"Good Riddance (Time of Your Life)" (or "Time of Your Life (Good Riddance)") is a song by American rock band Green Day, released in December 1997 as the second single from their fifth studio album, Nimrod (1997). Although different from the band's usual sound, it is one of their most popular songs. It has also become a staple of their concerts and is usually played as the final song.

"Good Riddance (Time of Your Life)" became a chart hit, peaking at number 11 on the US Billboard Radio Songs chart and reaching the top 20 in Australia, Canada, Iceland, and the United Kingdom. As of November 2022, the song had sold over 5 million copies, and is certified 5x platinum in the United States, platinum in the United Kingdom, and 2x Platinum in Australia, making it the band's most commercially successful single to date.

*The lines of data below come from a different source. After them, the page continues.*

Definition rkw_sum N x := \sum_(a < N.+1) \sum_(c < N.+1) rkw N x a c.

Lemma rkw_sum_hprod_lt u v N : hprod u v != v -> sz (hprod u v) <= N ->
  rkw_sum N v < rkw_sum N (hprod u v).
Proof.
move=> neq_wv lewN; set w := hprod u v.
have le_rkw (a c : 'I_N.+1) : rkw N v a c <= rkw N w a c.
  by apply: rkw_hprodr_le; rewrite // -ltnS.
case: (boolP [exists a : 'I_N.+1, [exists c : 'I_N.+1, rkw N v a c != rkw N w a c]]).
  move=> /existsP [a /existsP [c neq_ac]].
  apply: (@ltn_sum _ _ _ a) => [a'|]; first exact: leq_sum.
  apply: (@ltn_sum _ _ _ c) => //.
  by rewrite ltn_neqAle neq_ac le_rkw.
move=> /existsPn same; case/eqP: neq_wv; apply: (rkw_inj lewN).
  by have [_ levw] := size_hprod u v; apply: leq_trans levw lewN.
move=> a c leaN lecN.
have /existsPn /(_ (Ordinal (lecN : c < N.+1))) := same (Ordinal (leaN : a < N.+1)).
by rewrite negbK => /eqP.
Qed.

Lemma hprod_ind (P : sinf -> Prop) :
  (forall w, (forall u v, v != w -> hprod u v = w -> P v) -> P w) -> forall w, P w.
Proof.
move=> IH w.
suff gen N n x : sz x <= N -> rkw_sum N x < n -> P x.
  exact: (gen (sz w) (rkw_sum (sz w) w).+1).
elim: n x => // n IHn x lexN ltn; apply: IH => u v neq_vx eq_x.
have [_ levx] := size_hprod u v; rewrite eq_x in levx.
apply: IHn; first exact: leq_trans levx lexN.
have := @rkw_sum_hprod_lt u v N; rewrite eq_x eq_sym => /(_ neq_vx lexN); lia.
Qed.

(** * The convolution ring [R(S_infinity)] *)

Definition allsinf n : seq sinf :=
  undup (pmap insub (flatten [seq permutations (iota 0 k) | k <- iota 0 n.+1])).

Lemma allsinf_uniq n : uniq (allsinf n).
Proof. exact: undup_uniq. Qed.

Lemma mem_allsinf x n : sz x <= n -> x \in allsinf n.
Proof.
move=> lexn; rewrite mem_undup mem_pmap_sub; apply/flatten_mapP.
by exists (sz x); rewrite ?mem_iota ?mem_permutations ?sinf_perm_eq //; lia.
Qed.

Local Open Scope ring_scope.
Local Open Scope classical_set_scope.

Lemma sum_rot3 (R : nmodType) (I : Type) (r : seq I) (F : I -> I -> I -> R) :
  \sum_(a <- r) \sum_(b <- r) \sum_(c <- r) F a b c =
  \sum_(b <- r) \sum_(c <- r) \sum_(a <- r) F a b c.
Proof. by rewrite exchange_big; apply: eq_bigr => b _; rewrite exchange_big. Qed.

Section Convolution.
Variable R : comPzRingType.
Implicit Types (f g h : sinf -> R) (u v w x y z : sinf).

Definition hcoef u v w : R :=
  if hprod u v == w then (-1) ^+ (ell u + ell v - ell w) else 0.

Lemma hcoef_eq0 u v w : hprod u v != w -> hcoef u v w = 0.
Proof. by rewrite /hcoef => /negbTE ->. Qed.

Lemma hstarE f g w n : (sz w <= n)%N ->
  hstar f g w = \sum_(u <- allsinf n) \sum_(v <- allsinf n) hcoef u v w * f u * g v.
Proof.
move=> lewn; rewrite /hstar.
rewrite (eq_fsbigr (fun p => hcoef p.1 p.2 w * f p.1 * g p.2)); last first.
  by move=> [u v]; rewrite inE => /hmulE /= uvw; rewrite /hcoef uvw eqxx.
rewrite (fsbig_fwiden [seq (u, v) | u <- allsinf n, v <- allsinf n]) ?big_allpairs //.
- move=> [u v] /= /hmulE uvw; have := size_hprod u v; rewrite uvw => -[leu lev].
  by apply/allpairsP; exists (u, v); split => //=; apply: mem_allsinf; lia.
- by apply: allpairs_uniq; rewrite ?allsinf_uniq // => -[a b] [c d] _ _ [-> ->].
- by move=> [u v] [_ /= /hmulE neq]; rewrite /= hcoef_eq0 ?mul0r //; apply/eqP.
Qed.

Lemma fix_sumE f w n : (sz w <= n)%N ->
  fix_sum f w = \sum_(u <- allsinf n) hcoef u w w * f u.
Proof.
move=> lewn; rewrite /fix_sum (eq_fsbigr (fun u => hcoef u w w * f u)); last first.
  by move=> u; rewrite inE => /hmulE uww; rewrite /hcoef uww eqxx addnK.
rewrite (fsbig_fwiden (allsinf n)) ?allsinf_uniq //.
- move=> u /= /hmulE uww; have [leu _] := size_hprod u w.
  by rewrite mem_allsinf //; move: leu; rewrite uww; lia.
- by move=> u [_ /= /hmulE neq]; rewrite /= hcoef_eq0 ?mul0r //; apply/eqP.
Qed.

Lemma hstar1l f : hstar (hone R) f = f.
Proof.
apply/funext => w; rewrite (hstarE _ _ (leqnn _)).
rewrite (bigD1_seq sinf_id) ?mem_allsinf ?allsinf_uniq //=.
rewrite [X in _ + X]big1 ?addr0; last first.
  by move=> u /negbTE neq; apply: big1 => v _; rewrite /hone neq mulr0 mul0r.
rewrite (bigD1_seq w) ?mem_allsinf ?allsinf_uniq //= big1 ?addr0; last first.
  by move=> v neq; rewrite hcoef_eq0 ?hprod_idl // !mul0r.
by rewrite /hcoef hprod_idl eqxx ell_id add0n subnn /hone eqxx !mul1r.
Qed.

Lemma hstarr1 f : hstar f (hone R) = f.
Proof.
apply/funext => w; rewrite (hstarE _ _ (leqnn _)).
rewrite (bigD1_seq w) ?mem_allsinf ?allsinf_uniq //= [X in _ + X]big1 ?addr0; last first.
  move=> u neq; apply: big1 => v _; rewrite /hone.
  by have [->|_] := eqVneq v sinf_id; rewrite ?mulr0 // hcoef_eq0 ?hprod_idr // !mul0r.
rewrite (bigD1_seq sinf_id) ?mem_allsinf ?allsinf_uniq //= big1 ?addr0; last first.
  by move=> v /negbTE neq; rewrite /hone neq mulr0.
by rewrite /hcoef hprod_idr eqxx ell_id addn0 subnn /hone ?eqxx mulr1 mul1r.
Qed.

Lemma hcoef_neq0 u v w : hcoef u v w != 0 -> hprod u v = w.
Proof. by rewrite /hcoef; case: ifP => [/eqP -> //|_]; rewrite eqxx. Qed.

Lemma size_hcoefl u v w : hcoef u v w != 0 -> (sz u <= sz w)%N.
Proof. by move=> /hcoef_neq0 <-; case: (size_hprod u v). Qed.

Lemma size_hcoefr u v w : hcoef u v w != 0 -> (sz v <= sz w)%N.
Proof. by move=> /hcoef_neq0 <-; case: (size_hprod u v). Qed.

Lemma mul_hstar f g x n (c : R) : (c != 0 -> (sz x <= n)%N) ->
  c * hstar f g x =
    \sum_(u <- allsinf n) \sum_(y <- allsinf n) c * (hcoef u y x * f u * g y).
Proof.
move=> supp_c; have [->|/supp_c lexn] := eqVneq c 0.
  by rewrite !mul0r big1 // => u _; rewrite big1 // => y _; rewrite mul0r.
by rewrite (hstarE _ _ lexn) mulr_sumr; under eq_bigr do rewrite mulr_sumr.
Qed.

Background, composition, and musical style
Billie Joe Armstrong wrote "Good Riddance (Time of Your Life)" in 1993 about his girlfriend named Amanda who moved to Ecuador, with him naming the song "Good Riddance" to show his anger towards her. He did not show the song to his bandmates until the Dookie recording sessions later the same year. During the sessions, however, the song was determined to be too different from the rest of the songs on Dookie, and producer Rob Cavallo was unsure of how to structure the recording.

An early version of the song (in a different key, with a faster tempo and sparer arrangement) simply titled "Good Riddance" appeared as a B-side to the European single for "Brain Stew/Jaded".

When the time came to record Nimrod, Armstrong decided to record the song again, and Cavallo suggested they add strings to the track. He sent the band to play foosball in another room while he recorded the strings, which took "like fifteen, twenty minutes, maybe a half an hour at the most." Cavallo reflected on his decision to add the strings "I knew we had done the right thing. It was a hit the second I heard it."

In comparison to previous Green Day material, "Good Riddance (Time of Your Life)" features more mellow, contemplative lyrics with acoustic music. Band member Mike Dirnt said that the release of this song was probably the "most punk" thing they could have done.

The song has been labelled alternative rock, folk, folk punk, and acoustic rock.

Album version
The album version of the song begins with Armstrong messing up the opening chords twice, muttering "fuck" under his breath before starting over and getting it right, thus starting the song. Radio versions and the music video omitted the expletive.

Music video
The music video was directed by Mark Kohr in Los Angeles in November 1997, and is based on a concept by Armstrong. The video features Armstrong singing and playing an acoustic guitar in an apartment (filmed in LA's Ambassador Hotel), intercut with "pull-in" shots of various people involved in mundane activities. All of the subjects are shown seemingly staring into space absent-mindedly. Dirnt and Tré Cool make cameo appearances in the video as a person pumping gas (Dirnt), and an injured bike rider being attended by paramedics (Tré). When the video came out, the name of the song was inverted, hence the video's title is "Time of Your Life (Good Riddance)". This title was also used on the single cover.

In 1998, Green Day won their first MTV Video Music Award for Best Alternative Video for "Good Riddance (Time of Your Life)" and they were also nominated for Viewer's Choice.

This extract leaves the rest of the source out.